Another traditional dish of the Kadazan-Dusun people in Sabah, Hinava is made by marinating fish – usually mackerel – in lime juice for around 20 minutes, combining it with ginger, chillies, chopped shallots and bitter gourd, before serving it chilled or at room temperature, either as a starter or as a main dish. If you like ceviche – the South American equivalent – you’ll almost certainly enjoy Hinava. Although typically eaten during the annual harvest festival towards the end of May, you can also find it in certain Sabah restaurants throughout the year.
Rivalling Hinava as one of the most popular Kadazan-Dusun fish delicacies, Pinasakan is based around Ikan Basung – an oily fish, similar to sardines, which is commonly found in the waters off the coast of Sabah. The fish is slowly braised in a pot at a low heat, with turmeric, ginger, chillies, lemongrass and slices of asam keping – a sour fruit, commonly used in Malaysian cuisine. It can be kept for up to two weeks without going off and makes an excellent accompaniment to Linopot.
If Sarawak is on your Borneo itinerary, expect to come across Manok Pansoh – chicken chopped into small pieces and grilled over an open fire in a bamboo stalk, covered with tapioca leaves and flavoured with ginger, lemongrass, garlic and turmeric. The balance of spices and seasoning varies between different communities, but it’s invariably delicious.
Ambuyat is the national dish of Brunei – and features as a standard part of any meal in this minuscule country in northern Borneo. Derived from the starchy interior of the sago palm tree, it’s a white, gluey substance, eaten with bamboo utensils called candas – similar to chopsticks, but joined together at one end. It doesn’t have much flavour itself, but serves as a satisfying base to be dipped in cacah – a spicy, sour sauce, usually made with shrimp, lime juice and chillies.

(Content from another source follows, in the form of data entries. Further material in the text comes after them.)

Lemma upper_mx_dlsubmx p q (g : 'M[F]_(p + q)) : upper_mx g -> dlsubmx g = 0.
Proof. by move=> g_up; apply/matrixP => i j; rewrite !mxE g_up //= ltn_addr. Qed.

Lemma inv_upper_ulsubmx p q (g : 'M[F]_(p + q)) :
  inv_upper g -> inv_upper (ulsubmx g).
Proof.
move=> g_inv; have [_ g_up] := g_inv.
have ul_up : upper_mx (ulsubmx g) by move=> i j lt_ji; rewrite !mxE g_up.
split; rewrite // upper_mx_unitmxE //; apply/forallP => i; rewrite !mxE.
exact: inv_upper_diag_neq0.
Qed.

Lemma inv_upper_drsubmx p q (g : 'M[F]_(p + q)) :
  inv_upper g -> inv_upper (drsubmx g).
Proof.
move=> g_inv; have [_ g_up] := g_inv.
have dr_up : upper_mx (drsubmx g).
  by move=> i j lt_ji; rewrite !mxE g_up //= ltn_add2l.
split; rewrite // upper_mx_unitmxE //; apply/forallP => i; rewrite !mxE.
exact: inv_upper_diag_neq0.
Qed.

Lemma conjmx_block_upper p q (g X : 'M[F]_(p + q)) : inv_upper g -> upper_mx X ->
  ulsubmx (conjmx g X) = conjmx (ulsubmx g) (ulsubmx X) /\
  drsubmx (conjmx g X) = conjmx (drsubmx g) (drsubmx X).
Proof.
move=> g_inv X_up; have [g_unit g_up] := g_inv.
have N_dl : dlsubmx (conjmx g X) = 0 by apply/upper_mx_dlsubmx/upper_mx_conjmx.
have gX_g : conjmx g X *m g = g *m X by rewrite /conjmx mulmxKV.
move: gX_g N_dl; set N := conjmx g X => gX_g N_dl.
rewrite -[N]submxK -[g]submxK -[X]submxK N_dl !upper_mx_dlsubmx // in gX_g.
move: gX_g; rewrite !mulmx_block !mul0mx !mulmx0 !addr0 !add0r.
case/eq_block_mx => ul_eq _ _ dr_eq.
have [[ul_unit _] [dr_unit _]] := (inv_upper_ulsubmx g_inv, inv_upper_drsubmx g_inv).
by rewrite /conjmx -ul_eq -dr_eq !mulmxK.
Qed.

Lemma strict_upper_block p q (A1 : 'M[F]_p) (A2 : 'M[F]_q) (B : 'M[F]_(p, q)) :
  strict_upper A1 -> strict_upper A2 -> strict_upper (block_mx A1 B 0 A2).
Proof.
move=> A1_strict A2_strict i j.
case: (split_ordP i) => i' ->; case: (split_ordP j) => j' -> /=.
- by rewrite block_mxEul; exact: A1_strict.
- by have := ltn_ord i'; lia.
- by rewrite block_mxEdl mxE.
- by rewrite block_mxEdr leq_add2l; exact: A2_strict.
Qed.

End Blocks.

Section Restriction.
Variables (F : fieldType) (m m' c : nat) (e : 'I_m -> 'I_m').
Variables (C : 'M[F]_m' -> 'M[F]_m) (X : 'M[F]_m').
Hypothesis e_shift : forall a, e a = c + a :> nat.
Hypothesis C_entry : forall Y a b, C Y a b = Y (e a) (e b).
Hypothesis C_conj :
  forall g, inv_upper g -> inv_upper (C g) /\ C (conjmx g X) = conjmx (C g) (C X).

Lemma stab_values_restrict k k' i j :
  onth (bel_positions m) k = Some (i, j) ->
  onth (bel_positions m') k' = Some (e i, e j) ->
  forall x, stab_values k' X (e i, e j) x -> stab_values k (C X) (i, j) x.
Proof.
move=> kth k'th x [g [g_inv gX] <-]; have [Cg_inv Cg_conj] := C_conj g_inv.
exists (C g); last by rewrite /= -Cg_conj C_entry.
split=> // [[a b]].
rewrite (mem_take_bel_positions _ kth) => /andP [lt_ab ab_lt_ij].
rewrite /= -Cg_conj !C_entry; apply: (gX (e a, e b)).
rewrite (mem_take_bel_positions _ k'th) /bel_lt /= !e_shift !ltn_add2l eqn_add2l.
exact/andP.
Qed.

Lemma normal_entry_restrict k' i j : bel_stable (C X) ->
  onth (bel_positions m') k' = Some (e i, e j) -> X (e i) (e j) != 0 ->
  normal_entry (stab_values k' X (e i, e j)) (X (e i) (e j)).
Proof.
move=> CX_stable k'th entry_nz.
have lt_ij : (i < j)%N.
  have : (e i, e j) \in bel_positions m' by apply/onthP; exists k'.
  by rewrite mem_bel_positions /= !e_shift ltn_add2l.
have /onthP [k kth] : (i, j) \in bel_positions m by rewrite mem_bel_positions.
apply: normal_entry_sub (stab_values_restrict kth k'th) _.
by rewrite -C_entry; apply: CX_stable kth _; rewrite C_entry.
Qed.
(* The argument follows the protocol tree.  A weight is a function of the
   secret x and the knowledge vector l; at the node reached by a partial
   transcript it is Pr(X = x, L = l, transcript so far).  Its potential is
   the entropy term sum_x w(x) ln(w(x) / w) plus, for every player i, the
   term sum_x w(x) ln Pr(L_i = 0 | x, node).
   1. One message never increases the potential (potential_extend): for the
      speaker, ignorant players draw the message from the fixed law p_?, so
      the change is a Gibbs divergence; for the other players it is the
      log-sum inequality.  Induction over the tree gives potential_leaves_le.
   2. At the root, Pr(L_i = 1 | X = x) = b makes the potential
      -H(X) + n ln(1-b) (potential_uniform).
   3. At a leaf, Pr(L_i = 1 | T, X) <= c and the concavity of ln bound the
      potential below by -H(X | T = t) + ln(1-c)/c times the knowing mass
      (potential_lower_bound); knowing mass is conserved and totals n b.
   4. I(X;T) ln 2 = H(X) - H(X|T) (mutual_info_ln2); the theorem follows. *)

Set Implicit Arguments.
Unset Strict Implicit.
Unset Printing Implicit Defensive.

HB.instance Definition _ := Monoid.isComLaw.Build R R0 Rplus
  (fun a b c => esym (Rplus_assoc a b c)) Rplus_comm Rplus_0_l.
HB.instance Definition _ := Monoid.isMulLaw.Build R R0 Rmult Rmult_0_l Rmult_0_r.
HB.instance Definition _ := Monoid.isAddLaw.Build R Rmult Rplus
  Rmult_plus_distr_r Rmult_plus_distr_l.

Lemma sumR_le (I : finType) (A : pred I) (F G : I -> R) :
  (forall i, A i -> F i <= G i) ->
  \big[Rplus/R0]_(i | A i) F i <= \big[Rplus/R0]_(i | A i) G i.
Proof. by move=> FG; apply: (big_ind2 (fun x y => x <= y)) => // *; lra. Qed.

Lemma sumR_ge0 (I : finType) (F : I -> R) :
  (forall i, 0 <= F i) -> 0 <= \big[Rplus/R0]_i F i.
Proof. by move=> F0; apply: (big_ind (fun x => 0 <= x)) => // *; lra. Qed.

Lemma sumR_term_le (I : finType) (F : I -> R) j :
  (forall i, 0 <= F i) -> F j <= \big[Rplus/R0]_i F i.
Proof.
move=> F0; rewrite (bigD1 j) //=.
suff : 0 <= \big[Rplus/R0]_(i | i != j) F i by lra.
by apply: (big_ind (fun x => 0 <= x)) => // *; lra.
Qed.

Lemma sumR_pos_term (I : finType) (F : I -> R) :
  0 < \big[Rplus/R0]_i F i -> exists i, 0 < F i.
Proof.
move=> Fpos; case: (pickP (fun i => Rlt_dec 0 (F i))) => [i | Fle].
  by case: Rlt_dec => // ? _; exists i.
suff : \big[Rplus/R0]_i F i <= \big[Rplus/R0]_(i : I) 0 by rewrite [X in _ <= X]big1 //; lra.
by apply: sumR_le => i _; move: (Fle i); case: Rlt_dec => // Fi _; exact: Rnot_lt_le.
Qed.

Lemma sumR_sub (I : finType) (F G : I -> R) :
  \big[Rplus/R0]_i (F i - G i) = \big[Rplus/R0]_i F i - \big[Rplus/R0]_i G i.
Proof. by rewrite /Rminus big_split /= (big_morph Ropp Ropp_plus_distr Ropp_0). Qed.

Lemma sumR_const (n : nat) (a : R) : \big[Rplus/R0]_(i < n) a = INR n * a.
Proof.
elim: n => [|n IH]; first by rewrite big_ord0 /=; lra.
by rewrite big_ord_recr IH S_INR /=; lra.
Qed.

While not unique to Borneo, Nasi Lemak is one of the most treasured dishes in Malaysian cuisine and can be found in restaurants and street markets in Sabah and Sarawak – as well as in Brunei. The central ingredient is rice, cooked with coconut milk and pandan leaves – which impart a subtle, vanilla-like flavour – served alongside fried peanuts, hard-boiled eggs, crispy anchovies, sambal and, often, fried chicken or beef rendang. Nasi Goreng – made with fried rice instead of coconut milk rice – is also well worth a try.